Conclusion: Considering the effect of paired mate kidneys, the risk of DGF increased with prolonged CIT. The donor death category was an effect modifier between CIT and eGFR. Prolonged CIT did not reduce the eGFR level in recipients from DBDs but significantly decreased the eGFR in recipients from DCDs/DBCDs. This result indicates the potential biological interaction between CIT and donor death category.
Introduction
Kidney transplantation is an effective alternative to dialysis treatment for end-stage renal disease patients and has advantages over it. Currently, expanded criteria donors are gradually being accepted to expand the donor pool. Cold ischemia time (CIT) is one of the numerous factors affecting transplant outcomes. It is generally considered that acute kidney injury induced by ischemia is the cause of delayed graft function (DGF) (1, 2). Ischemia time naturally affects the degree of acute kidney injury, thus possibly affecting transplant outcomes. However, the effect of CIT on transplant outcomes is controversial in the literature. Foroutan et al. performed a systematic review of risk factors for 1-year graft survival and observed no or little effect of CIT on graft survival (3). The unit analyzed in their study was each increased hour of CIT. Large cohorts from the United Kingdom and the Scientific Registry of Transplant Recipients (SRTR) in the United States have shown that CIT did not impact graft survival (4–7). In other studies, prolonged CIT significantly reduced graft survival (8–13). The inconsistency of these results may result from how different populations are affected by local public policies, the sample size, the analytic methods and models, or other causes of bias.

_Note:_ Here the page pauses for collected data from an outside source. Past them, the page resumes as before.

Lemma leU2 a b c d : le L a b -> le L c d -> le L (join a c) (join b d).
Proof.
  intros H1 H2. apply leUx.
  - eapply le_trans; [exact H1 | apply leUl].
  - eapply le_trans; [exact H2 | apply leUr].
Qed.

Lemma neg_le a b : le L a b -> le L (neg b) (neg a).
Proof.
  unfold le; intro H. rewrite <- H, neg_meet, joinC. apply meet_join_absorb.
Qed.

Lemma meet_pc a : meet a (pc a) = bot.
Proof. apply (proj1 (pcP a (pc a))). apply meetxx. Qed.

Lemma pc_max a b : meet a b = bot -> le L b (pc a).
Proof. apply pcP. Qed.

Lemma pc_le a b : le L a b -> le L (pc b) (pc a).
Proof.
  intro H. apply pc_max, lex0. rewrite <- (meet_pc b). apply leI2; [exact H | apply le_refl].
Qed.

Lemma pc0 : pc (bot : L) = top.
Proof. apply le_antisym; [apply lex1 | apply pc_max, meet0x]. Qed.

Lemma pc_join a b : pc (join a b) = meet (pc a) (pc b).
Proof.
  apply le_antisym.
  - apply lexI; apply pc_le; [apply leUl | apply leUr].
  - apply pc_max. rewrite meet_joinDl, meetA, meet_pc, meet0x, join0x.
    rewrite (meetC (pc a)), meetA, meet_pc. apply meet0x.
Qed.

Lemma negpc_le a b : le L a b -> le L (negpc L a) (negpc L b).
Proof. intro H. apply pc_le, neg_le, H. Qed.

Lemma negpcI a b : negpc L (meet a b) = meet (negpc L a) (negpc L b).
Proof. unfold negpc. rewrite neg_meet, pc_join. reflexivity. Qed.

Lemma iter_negpcSr k x : iter_negpc L (S k) x = iter_negpc L k (negpc L x).
Proof. induction k as [|k IH]; simpl in *; [reflexivity | rewrite IH; reflexivity]. Qed.

Lemma iter_negpc_le k a b : le L a b -> le L (iter_negpc L k a) (iter_negpc L k b).
Proof. induction k; simpl; intro H; [exact H | apply negpc_le, IHk, H]. Qed.

Lemma iter_negpcI k a b :
  iter_negpc L k (meet a b) = meet (iter_negpc L k a) (iter_negpc L k b).
Proof. induction k as [|k IH]; simpl; [reflexivity | rewrite IH; apply negpcI]. Qed.

Definition down_closed (J : L -> Prop) := forall a b, le L a b -> J b -> J a.
Definition join_closed (J : L -> Prop) := forall a b, J a -> J b -> J (join a b).
Definition meet_closed (F : L -> Prop) := forall a b, F a -> F b -> F (meet a b).
Definition ideal (J : L -> Prop) := J bot /\ down_closed J /\ join_closed J.

Lemma join_closed_sub_or (J A B : L -> Prop) :
  join_closed J -> down_closed A -> down_closed B -> (forall x, J x -> A x \/ B x) ->
  (forall x, J x -> A x) \/ (forall x, J x -> B x).
Proof.
  intros HJ HA HB HAB. apply NNPP. intro Hn. apply not_or_and in Hn as [NA NB].
  apply not_all_ex_not in NA as [x1 NA]. apply imply_to_and in NA as [J1 A1].
  apply not_all_ex_not in NB as [x2 NB]. apply imply_to_and in NB as [J2 B2].
  destruct (HAB (join x1 x2) (HJ _ _ J1 J2)) as [H|H].
  - exact (A1 (HA _ _ (leUl x1 x2) H)).
  - exact (B2 (HB _ _ (leUr x1 x2) H)).
Qed.

Definition regular := forall x y : L, le L (meet x (neg (pc (neg x)))) (join y (pc y)).

Definition range_identity (n : nat) := forall x : L,
  iter_negpc L n (meet x (negpc L x)) = iter_negpc L (S n) (meet x (negpc L x)).

End Lattice.

Section SaturatedPrimeIdeal.
Variables (L : pmAlgebra) (th : L -> L -> Prop).
Implicit Types a b c d x y z : L.
Implicit Types J M : L -> Prop.
Hypothesis th_refl : forall a, th a a.
Hypothesis th_sym : forall a b, th a b -> th b a.
Hypothesis th_trans : forall a b c, th a b -> th b c -> th a c.
Hypothesis th_meet : forall a b c d, th a b -> th c d -> th (meet a c) (meet b d).
Hypothesis th_join : forall a b c d, th a b -> th c d -> th (join a c) (join b d).

Definition saturated J := forall a b, th a b -> J a -> J b.

Variable F : L -> Prop.
Hypothesis F_top : F top.
Hypothesis F_meet : meet_closed L F.

Definition avoiding J :=
  down_closed L J /\ join_closed L J /\ saturated J /\ (forall x, J x -> ~ F x).

Lemma avoiding_ext J J' : (forall a, J a <-> J' a) -> avoiding J -> avoiding J'.
Proof.
  intros E [Hd [Hj [Hs Hf]]]. split; [|split; [|split]].
  - intros a b Hab Hb. apply E. apply (Hd a b Hab), E, Hb.
  - intros a b Ha Hb. apply E. apply Hj; apply E; assumption.
  - intros a b Hab Ha. apply E. apply (Hs a b Hab), E, Ha.
  - intros x Hx. apply Hf, E, Hx.
Qed.

(* For a saturated ideal M, the saturated ideal generated by M and x. *)
Definition sat_ideal_join M x z := exists m, M m /\ th z (meet z (join m x)).

Section Generated.
Variables (M : L -> Prop) (x : L).
Hypothesis M_join : join_closed L M.

Lemma sat_ideal_join_sub z : M z -> sat_ideal_join M x z.
Proof. intro Mz. exists z. split; [exact Mz|]. rewrite meet_join_absorb. apply th_refl. Qed.

Lemma sat_ideal_join_x m : M m -> sat_ideal_join M x x.
Proof.
  intro Mm. exists m. split; [exact Mm|]. rewrite joinC, meet_join_absorb. apply th_refl.
Qed.

Lemma sat_ideal_join_avoiding :
  (forall z, sat_ideal_join M x z -> ~ F z) -> avoiding (sat_ideal_join M x).
Proof.
  intro HF. split; [|split; [|split]]; [| | | exact HF].
  - intros a b Hab [m [Mm Hm]]. exists m. split; [exact Mm|].
    unfold le in Hab. rewrite <- Hab, <- meetA. apply th_meet; [apply th_refl | exact Hm].
  - intros a b [m1 [Mm1 H1]] [m2 [Mm2 H2]].
    exists (join m1 m2). split; [apply M_join; assumption|].
    set (w := join (meet a (join m1 x)) (meet b (join m2 x))).
    assert (Hw : th (join a b) w) by (apply th_join; assumption).
    assert (Hle : le L w (join (join m1 m2) x)).
    { apply leUx; (eapply le_trans; [apply leIr | apply leU2; [|apply le_refl]]);
        [apply leUl | apply leUr]. }
    eapply th_trans; [exact Hw|]. unfold le in Hle. rewrite <- Hle.
    apply th_meet; [apply th_sym, Hw | apply th_refl].
  - intros a b Hab [m [Mm Hm]]. exists m. split; [exact Mm|].
    eapply th_trans; [apply th_sym, Hab|]. eapply th_trans; [exact Hm|].
    apply th_meet; [exact Hab | apply th_refl].
Qed.

End Generated.

Lemma maximal_avoiding_prime M : M bot -> avoiding M ->
  (forall J, avoiding J -> (forall a, M a -> J a) -> forall a, J a -> M a) ->
  prime_ideal L M.
Proof.
  intros M_bot HM Hmax. pose proof HM as [M_down [M_join [M_sat M_F]]].
  assert (Hgen : forall x, ~ M x -> exists z, F z /\ sat_ideal_join M x z).
  { intros x Mx. apply NNPP. intro Hno. apply Mx.
    apply (Hmax (sat_ideal_join M x)).
    - apply sat_ideal_join_avoiding; [exact M_join|]. intros z Gz Fz. apply Hno. now exists z.
    - apply sat_ideal_join_sub.
    - apply (sat_ideal_join_x M x bot M_bot). }
  split; [exact M_bot | split; [exact M_down | split; [exact M_join | split]]].
  - intro Mt. exact (M_F _ Mt F_top).
  - intros a b Mab. apply NNPP. intro Hn. apply not_or_and in Hn as [Ma Mb].
    destruct (Hgen a Ma) as [z1 [Fz1 [m1 [Mm1 H1]]]].
    destruct (Hgen b Mb) as [z2 [Fz2 [m2 [Mm2 H2]]]].
    set (v := meet (meet z1 (join m1 a)) (meet z2 (join m2 b))).
    assert (Hv : th (meet z1 z2) v) by (apply th_meet; assumption).
    assert (Hle : le L v (join (join m1 m2) (meet a b))).
    { rewrite join_meetDr. apply leI2; (eapply le_trans; [apply leIr | apply leU2; [|apply le_refl]]);
        [apply leUl | apply leUr]. }
    assert (Mv : M v).
    { eapply M_down; [exact Hle|]. apply M_join; [apply M_join|]; assumption. }
    apply (M_F (meet z1 z2)); [exact (M_sat _ _ (th_sym _ _ Hv) Mv) | apply F_meet; assumption].
Qed.

Variable I0 : L -> Prop.
Hypothesis I0_avoiding : avoiding I0.

Lemma avoiding_chain_union (C : (L -> Prop) -> Prop) :
  (forall X, C X -> avoiding (fun a => X a \/ I0 a)) ->
  classical_sets.total_on C classical_sets.subset ->
  avoiding (fun a => classical_sets.bigcup C (fun X => X) a \/ I0 a).
Proof.
  intros HC Htot.
  set (U := fun a => classical_sets.bigcup C (fun X => X) a \/ I0 a).
  assert (Hloc : forall a b, U a -> U b ->
            exists G, avoiding G /\ (forall c, G c -> U c) /\ G a /\ G b).
  { assert (Hsub : forall X, C X -> forall c, X c \/ I0 c -> U c).
    { intros X HX c [Xc|Ic]; [left; exists X; assumption | right; exact Ic]. }
    intros a b [[X HX Xa]|Ia] [[Y HY Yb]|Ib].
    - destruct (Htot X Y HX HY) as [XY|YX].
      + exists (fun c => Y c \/ I0 c). split; [apply HC, HY|]. split; [apply Hsub, HY|].
        split; left; [apply XY|]; assumption.
      + exists (fun c => X c \/ I0 c). split; [apply HC, HX|]. split; [apply Hsub, HX|].
        split; left; [|apply YX]; assumption.
    - exists (fun c => X c \/ I0 c). split; [apply HC, HX|]. split; [apply Hsub, HX|].
      split; [left | right]; assumption.
    - exists (fun c => Y c \/ I0 c). split; [apply HC, HY|]. split; [apply Hsub, HY|].
      split; [right | left]; assumption.
    - exists I0. split; [exact I0_avoiding|]. split; [intros c Ic; right; exact Ic|].
      split; assumption. }
  split; [|split; [|split]].
  - intros a b Hab Ub. destruct (Hloc b b Ub Ub) as [G [[Gd _] [GU [Gb _]]]].
    apply GU, (Gd a b Hab Gb).
  - intros a b Ua Ub. destruct (Hloc a b Ua Ub) as [G [[_ [Gj _]] [GU [Ga Gb]]]].
    apply GU, Gj; assumption.
  - intros a b Hab Ua. destruct (Hloc a a Ua Ua) as [G [[_ [_ [Gs _]]] [GU [Ga _]]]].
    apply GU, (Gs a b Hab Ga).
  - intros a Ua. destruct (Hloc a a Ua Ua) as [G [[_ [_ [_ GF]]] [_ [Ga _]]]].
    apply GF, Ga.
Qed.

Lemma exists_maximal_avoiding : exists M, avoiding M /\ (forall a, I0 a -> M a) /\
  (forall J, avoiding J -> (forall a, M a -> J a) -> forall a, J a -> M a).
Proof.
  (* Zorn on the sets X with X \/ I0 avoiding, so that the empty chain is harmless. *)
  destruct (@classical_sets.Zorn_bigcup L (fun X => avoiding (fun a => X a \/ I0 a)))
    as [A [HA Hmax]].
  { intros C HC Htot. apply avoiding_chain_union; assumption. }
  exists (fun a => A a \/ I0 a). split; [exact HA|]. split; [intros a Ia; right; exact Ia|].
  intros J HJ HAJ a Ja. left. apply NNPP. intro Aa. apply (Hmax J).
  - split; [intros c Ac; apply HAJ; left; exact Ac|]. intro JA. apply Aa, JA, Ja.
  - apply (avoiding_ext J); [|exact HJ].
    intro c. split; [intro Jc; left; exact Jc|]. intros [Jc|Ic]; [exact Jc|].
    apply HAJ; right; exact Ic.
Qed.

Theorem exists_saturated_prime_ideal : I0 bot ->
  exists K, prime_ideal L K /\ (forall a, I0 a -> K a) /\ (forall a, F a -> ~ K a) /\
    saturated K.
Proof.
  intro I0_bot. destruct exists_maximal_avoiding as [M [HM [HI0 Hmax]]].
  exists M. split; [apply maximal_avoiding_prime; auto|].
  destruct HM as [_ [_ [Hs HF]]]. split; [exact HI0|]. split; [|exact Hs].
  intros a Fa Ma. exact (HF a Ma Fa).
Qed.

End SaturatedPrimeIdeal.

Section PrimeIdeals.
Variable L : pmAlgebra.
Implicit Types a b c d x y z : L.
Implicit Types I J K : L -> Prop.

Lemma prime_down {I a b} : prime_ideal L I -> le L a b -> I b -> I a.
Proof. intros [_ [H _]]. apply H. Qed.

Lemma prime_join {I a b} : prime_ideal L I -> I a -> I b -> I (join a b).
Proof. intros [_ [_ [H _]]]. apply H. Qed.

Lemma prime_bot {I} : prime_ideal L I -> I bot.
Proof. intros [H _]. exact H. Qed.

Lemma prime_top {I} : prime_ideal L I -> ~ I top.
Proof. intros [_ [_ [_ [H _]]]]. exact H. Qed.

Lemma prime_meet {I a b} : prime_ideal L I -> I (meet a b) -> I a \/ I b.
Proof. intros [_ [_ [_ [_ H]]]]. apply H. Qed.

Lemma prime_meetN {I a b} : prime_ideal L I -> ~ I a -> ~ I b -> ~ I (meet a b).
Proof. intros HI Ha Hb Hab. destruct (prime_meet HI Hab); contradiction. Qed.

Lemma prime_pc {I} a : prime_ideal L I -> I a \/ I (pc a).
Proof. intro HI. apply (prime_meet HI). rewrite meet_pc. apply (prime_bot HI). Qed.

Lemma prime_ideal_ideal I : prime_ideal L I -> ideal L I.
Proof. intros [Hb [Hd [Hj _]]]. split; [|split]; assumption. Qed.

Lemma zeta_prime {I} : prime_ideal L I -> prime_ideal L (zeta L I).
Proof.
  intro HI. unfold zeta. split; [|split; [|split; [|split]]].
  - rewrite neg0. apply (prime_top HI).
  - intros a b Hab Hb Ha. apply Hb. exact (prime_down HI (neg_le _ _ _ Hab) Ha).
  - intros a b Ha Hb. rewrite neg_join. apply (prime_meetN HI); assumption.
  - rewrite neg1. intro H. apply H, (prime_bot HI).
  - intros a b Hab. rewrite neg_meet in Hab.
    apply NNPP. intro Hn. apply not_or_and in Hn as [Ha Hb].
    apply Hab. apply (prime_join HI); apply NNPP; assumption.
Qed.
(* Let $M,N$ be complete pointed metric spaces and $f\colon M\to N$ a Lipschitz map with $f(0_M)=0_N$. Suppose: $(P_1)$ for every bounded $S\subset M$, $f(S)$ is totally bounded in $N$; $(P_2)$ $\displaystyle\lim_{d(x,y)\to0}\frac{d(f(x),f(y))}{d(x,y)}=0$ (uniform local flatness); $(P_4)$ $f$ is flat at infinity: $\displaystyle\lim_{d(x,0_M)\to\infty,\ d(y,0_M)\to\infty}\frac{d(f(x),f(y))}{d(x,y)}=0$ (limit over pairs $x\neq y$), i.e. for every $\varepsilon>0$ there is $R>0$ such that $d(f(x),f(y))\le\varepsilon d(x,y)$ whenever $x\neq y$ and $d(x,0_M),d(y,0_M)\ge R$. Then $\widehat f\colon\mathcal F(M)\to\mathcal F(N)$ is compact.
   Context: Scalars are $\mathbb K=\mathbb R$ or $\mathbb C$. For a pointed metric space $(M,d,0_M)$, $\mathrm{Lip}_0(M)$ denotes the Banach space of Lipschitz functions $g\colon M\to\mathbb K$ with $g(0_M)=0$ normed by the best Lipschitz constant; $\delta(x)\in\mathrm{Lip}_0(M)^*$ is evaluation at $x$; the Lipschitz-free space $\mathcal F(M)$ is the norm-closed linear span of $\{\delta(x):x\in M\}$ in $\mathrm{Lip}_0(M)^*$. For a Lipschitz map $f\colon M\to N$ with $f(0_M)=0_N$, $\widehat f\colon\mathcal F(M)\to\mathcal F(N)$ is the unique bounded linear operator with $\widehat f(\delta(x))=\delta(f(x))$ for all $x\in M$. *)

From Stdlib Require Import Reals List.
From Coquelicot Require Import Coquelicot Complex.
Open Scope R_scope.

Definition is_metric {X : Type} (d : X -> X -> R) : Prop :=
  (forall x y, 0 <= d x y) /\
  (forall x y, d x y = 0 <-> x = y) /\
  (forall x y, d x y = d y x) /\
  (forall x y z, d x z <= d x y + d y z).
Definition black {R : realType} (X : set (R * R)) (d : R) (k l : int) : Prop :=
  area (X `&` pixel d k l) = (d ^+ 2)%:E.
Definition white {R : realType} (X : set (R * R)) (d : R) (k l : int) : Prop :=
  area (X `&` pixel d k l) = 0%E.
Definition grey {R : realType} (X : set (R * R)) (d : R) (k l : int) : Prop :=
  ~ black X d k l /\ ~ white X d k l.

(* A grey pixel meets both X and its complement, so the segment joining two
   such points crosses the boundary of X at a point x of the pixel.  The inner
   and outer r-balls at x touch only at x, so x is the midpoint of their
   centres.  Shrinking both balls towards x by the factor d sqrt 2 / r yields
   balls of radius d sqrt 2, still inside X and inside its complement, whose
   centres are symmetric about x at distance at most d sqrt 2; one of these
   centres lies in the 3x3 block, and the pixel containing it fits in the
   corresponding shrunken ball.  That pixel is black for the inner ball, and
   white for the outer one: a point of X on the bounding circle would be a
   pixel corner on the boundary of X, which is excluded. *)

From HB Require Import structures.
From mathcomp Require Import all_boot all_order all_algebra.
From mathcomp Require Import all_classical all_reals all_analysis.
From mathcomp Require Import ring lra.
Import Order.TTheory GRing.Theory Num.Theory.
Import numFieldNormedType.Exports.
Local Open Scope classical_set_scope.
Local Open Scope ring_scope.
Set Implicit Arguments. Unset Strict Implicit. Unset Printing Implicit Defensive.

Section Plane.
Variable R : realType.
Implicit Types (a b c q x y : R * R) (d r t : R) (X : set (R * R)).

Definition homothety c t x : R * R :=
  (c.1 + t * (x.1 - c.1), c.2 + t * (x.2 - c.2)).

Lemma homothety0 c x : homothety c 0 x = c.
Proof. by rewrite /homothety !mul0r !addr0 -surjective_pairing. Qed.

Lemma homothety1 c x : homothety c 1 x = x.
Proof. by rewrite /homothety !mul1r !subrKC -surjective_pairing. Qed.

Lemma continuous_homothety c x : continuous (homothety c ^~ x).
Proof.
move=> t; apply: (@cvg_pair _ _ _ _ (nbhs (c.1 + t * (x.1 - c.1)))
  (nbhs (c.2 + t * (x.2 - c.2)))) => /=;
  by apply: cvgD; [exact: cvg_cst | apply: cvgMr_tmp; exact: cvg_id].
Qed.

Lemma segment_meets_bdry X a b : X a -> ~ X b ->
  exists2 t, 0 <= t <= 1 & bdry X (homothety a t b).
Proof.
move=> Xa nXb; apply: contrapT => nobdry.
have clX_int t : 0 <= t <= 1 -> closure X (homothety a t b) ->
    interior X (homothety a t b).
  move=> t01 cl; apply: contrapT => nint.
  by apply: nobdry; exists t.
pose B := `[0, 1]%classic `&` homothety a ^~ b @^-1` interior X.
have B1 : B 1.
  suff -> : B = `[0, 1]%classic by rewrite /= in_itv /= lexx ler01.
  apply: segment_connected.
  - exists 0; split; first by rewrite /= in_itv /= lexx ler01.
    apply: clX_int; first by rewrite lexx ler01.
    by rewrite homothety0; exact: subset_closure.
  - exists (homothety a ^~ b @^-1` interior X) => //.
    by apply: open_comp; [move=> t _; exact: continuous_homothety | exact: open_interior].
  - exists (homothety a ^~ b @^-1` closure X).
      by apply: preimage_closed; [move=> t _; exact: continuous_homothety | exact: closed_closure].
    apply/seteqP; split=> t [t01 ht]; split=> //.
      exact: subset_closure (interior_subset ht).
    by apply: clX_int => //; move: t01; rewrite /= in_itv.
by apply: nXb; case: B1 => _; rewrite /= homothety1 => /interior_subset.
Qed.
(* Let $F\in\mathcal{P}$ with $K=\sup_{z\in\mathbb{D}}|\arg F(z)|<\frac{\pi}{2}$, and write $K=\arcsin\frac{2R}{1+R^2}$ with $0\le R<1$. If $\varphi$ is a Schwarz-type function with $\|\varphi\|_\infty\le\frac{1-R}{1+R}$, then $T_{F,\varphi}(f)\in\mathcal{P}$ for every $f\in\mathcal{P}$.
   Context: $\mathbb{D}$ is the open unit disk. $\mathcal{P}$ is the set of analytic $f$ on $\mathbb{D}$ with $\mathrm{Re}\,f>0$ and $f(0)=1$. A Schwarz-type function is an analytic $\varphi:\mathbb{D}\to\mathbb{D}$ with $\varphi(0)=0$. $\|\varphi\|_\infty=\sup_{z\in\mathbb{D}}|\varphi(z)|$. $\arg$ is the principal branch with values in $(-\pi,\pi]$. $T_{F,\varphi}(f)=F\cdot(f\circ\varphi)$. *)

From Stdlib Require Import Reals.
From Coquelicot Require Import Coquelicot.
Open Scope R_scope.

Definition inD (z : C) : Prop := Cmod z < 1.

Definition analytic_on_D (f : C -> C) : Prop :=
  forall z : C, inD z -> ex_derive (K := C_AbsRing) (V := C_NormedModule) f z.

Definition classP (f : C -> C) : Prop :=
  analytic_on_D f /\ (forall z, inD z -> 0 < Re (f z)) /\ f (RtoC 0) = RtoC 1.

Definition schwarz_type (phi : C -> C) : Prop :=
  analytic_on_D phi /\ (forall z, inD z -> inD (phi z)) /\ phi (RtoC 0) = RtoC 0.

(* Principal argument, values in (-PI, PI]; convention Carg 0 = 0. *)
Definition Carg (z : C) : R :=
  let x := fst z in let y := snd z in
  if Rlt_dec 0 x then atan (y / x)
  else if Rlt_dec x 0 then
    (if Rle_dec 0 y then atan (y / x) + PI else atan (y / x) - PI)
  else if Rlt_dec 0 y then PI / 2
  else if Rlt_dec y 0 then - (PI / 2)
  else 0.

Definition T_op (F phi f : C -> C) : C -> C := fun z => Cmult (F z) (f (phi z)).

(** With [r = (1 - R) / (1 + R)], Schwarz's lemma gives [|phi z| <= r |z| < r], and
    for [f] in [classP] the Cayley transform [o = (f - 1) / (f + 1)] satisfies [|o w| <= |w|],
    so [f (phi z) = (1 + o) / (1 - o)] with [|o| < r].  Since [tan K = 2R / (1 - R^2)
    = (1/r - r) / 2], the value [F z = x + i y] satisfies [|y| <= (1/r - r) / 2 * x], and the
    real part of [F z * (1 + o) / (1 - o)] has the sign of [x (1 - |o|^2) - 2 y Im o], which is
    at least [x (r - |o|) (|o| + 1/r) > 0].

    Goursat's theorem for triangles (by repeated
    quadrisection) extends to triangles with one vertex where the function is only continuous,
    which yields Cauchy's theorem, and then Cauchy's formula, on regular polygons inscribed in the
    disk.  Writing [om z = h z * z], the formula for [om^n] at [a] bounds [|om a|^n] by a constant
    times [(|a| / rho)^n], [rho] the inradius; taking [n]-th roots and letting [rho -> 1] gives
    [|om a| <= |a|]. *)

From Stdlib Require Import Reals Lra Lia Psatz ZArith.
From Coquelicot Require Import Coquelicot.
Open Scope R_scope.

(** * Complex differentiability *)

Definition Ccont_at (g : C -> C) (z : C) : Prop :=
  forall eps, 0 < eps -> exists del, 0 < del /\ forall w, Cmod (w - z)%C < del ->
    Cmod (g w - g z)%C < eps.

Definition is_Cderive (g : C -> C) (z l : C) : Prop :=
  forall eps, 0 < eps -> exists del, 0 < del /\ forall w, Cmod (w - z)%C < del ->
    Cmod (g w - g z - (w - z) * l)%C <= eps * Cmod (w - z)%C.

Definition holo_at (g : C -> C) (z : C) : Prop :=
  ex_derive (K := C_AbsRing) (V := C_NormedModule) g z.

Lemma Ceq (x y : C) : Re x = Re y -> Im x = Im y -> x = y.
Proof. destruct x, y; simpl; intros; subst; auto. Qed.

(* Coquelicot has two non-convertible normed-module structures on [C] over
   itself; its product and chain rules are stated for the second one. *)
Lemma is_Cderive_is_derive (g : C -> C) z l :
  is_Cderive g z l <-> is_derive (K := C_AbsRing) (V := C_NormedModule) g z l.
Proof.
  split.
  - intros H. split; [apply is_linear_scal_l|].
    intros x Hx.
    apply (is_filter_lim_locally_unique (K := C_AbsRing)
             (V := AbsRing_NormedModule C_AbsRing)) in Hx; subst x.
    intros eps. destruct (H eps (cond_pos eps)) as [del [Hd Hw]].
    exists (mkposreal _ Hd). intros y Hy. apply Hw, Hy.
  - intros [_ H] eps Heps.
    destruct (H z (fun P HP => HP) (mkposreal eps Heps)) as [del Hdel].
    exists del. split; [apply cond_pos|]. intros w Hw. apply (Hdel w Hw).
Qed.

Lemma is_Cderive_is_derive_abs (g : C -> C) z l :
  is_Cderive g z l <->
  is_derive (K := C_AbsRing) (V := AbsRing_NormedModule C_AbsRing) g z l.
Proof.
  split.
  - intros H. split; [apply is_linear_scal_l|].
    intros x Hx.
    apply (is_filter_lim_locally_unique (K := C_AbsRing)
             (V := AbsRing_NormedModule C_AbsRing)) in Hx; subst x.
    intros eps. destruct (H eps (cond_pos eps)) as [del [Hd Hw]].
    exists (mkposreal _ Hd). intros y Hy. apply Hw, Hy.
  - intros [_ H] eps Heps.
    destruct (H z (fun P HP => HP) (mkposreal eps Heps)) as [del Hdel].
    exists del. split; [apply cond_pos|]. intros w Hw. apply (Hdel w Hw).
Qed.

Lemma holo_at_is_Cderive g z : holo_at g z -> exists l, is_Cderive g z l.
Proof. intros [l Hl]. exists l. now apply is_Cderive_is_derive. Qed.

Lemma is_Cderive_holo_at g z l : is_Cderive g z l -> holo_at g z.
Proof. intros H. exists l. now apply is_Cderive_is_derive. Qed.

Lemma is_Cderive_cont g z l : is_Cderive g z l -> Ccont_at g z.
Proof.
  intros H eps Heps.
  destruct (H 1 Rlt_0_1) as [d [Hd Hw]].
  pose proof (Cmod_ge_0 l).
  exists (Rmin d (eps / (2 + Cmod l))). split.
  { apply Rmin_pos; auto. apply Rdiv_lt_0_compat; lra. }
  intros w Hwz.
  assert (H1 : Cmod (w - z)%C < d) by (eapply Rlt_le_trans; [exact Hwz | apply Rmin_l]).
  assert (H2 : Cmod (w - z)%C * (2 + Cmod l) < eps).
  { apply (Rmult_lt_compat_r (2 + Cmod l)) in Hwz; [|lra].
    eapply Rlt_le_trans; [exact Hwz|].
    apply Rle_trans with (eps / (2 + Cmod l) * (2 + Cmod l)).
    - apply Rmult_le_compat_r; [lra | apply Rmin_r].
    - right. field. lra. }
  specialize (Hw w H1).
  replace (g w - g z)%C with ((g w - g z - (w - z) * l) + (w - z) * l)%C by ring.
  eapply Rle_lt_trans; [apply Cmod_triangle|]. rewrite Cmod_mult.
  pose proof (Cmod_ge_0 (w - z)%C). nra.
Qed.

Regarding the analytic methods, previous studies have neglected the pre-conditions of case independence in their multivariate regression adjustments. There exists a similitude effect of transplant outcomes in both recipients of mate kidneys. In other words, the graft recovery in both recipients of mate kidneys is not independent because they share mate kidneys from the same donor. There are several methods to address cluster data, namely, robust cluster standard error estimation, mixed effect models, generalized estimating equations, and multistate analysis (14). In this article, we aimed to analyze the effect of CIT on post-transplant graft function through mixed-effect model analysis to reduce the bias caused by paired mate kidneys.
Methods
Study Design and Patients
The China Organ Transplant Response System (COTRS) is the sole legitimate official registry designated by the National Health Commission of China for solid organ donation, matching, and allocation. It includes a potential donor registry system maintained by the donation coordinators in each organ procurement organization (OPO), an allocation system maintained by the OPO (merged), and a waiting list maintained by each transplant registry center. We accessed and retrieved cases in our transplant center from January 1, 2015 to December 31, 2019. The inclusion criteria were single-kidney transplantation, donor age ≥ 3 years, and recipient age ≥ 18 years. Any recipient who was lost to follow-up was excluded. The detailed screen diagram is shown in Figure 1. All donors were deceased citizen donors, as this is the only legal avenue for non-relative solid organ transplantation procurement in the Chinese mainland as of January 1, 2015. All donors and procured organs were numbered, matched, and allocated at COTRS (https://www.cot.org.cn/). This study was approved by the research ethics committee at the Third Affiliated Hospital of Sun Yat-sen University [IRB Approval: (2020)02-243-01]. Donor profile access was permitted after ethical review. This research complied with the Declaration of Helsinki. The clinical and research activities reported here are consistent with the Principles of the Declaration of Istanbul as outlined in the “Declaration of Istanbul on Organ Trafficking and Transplant Tourism.”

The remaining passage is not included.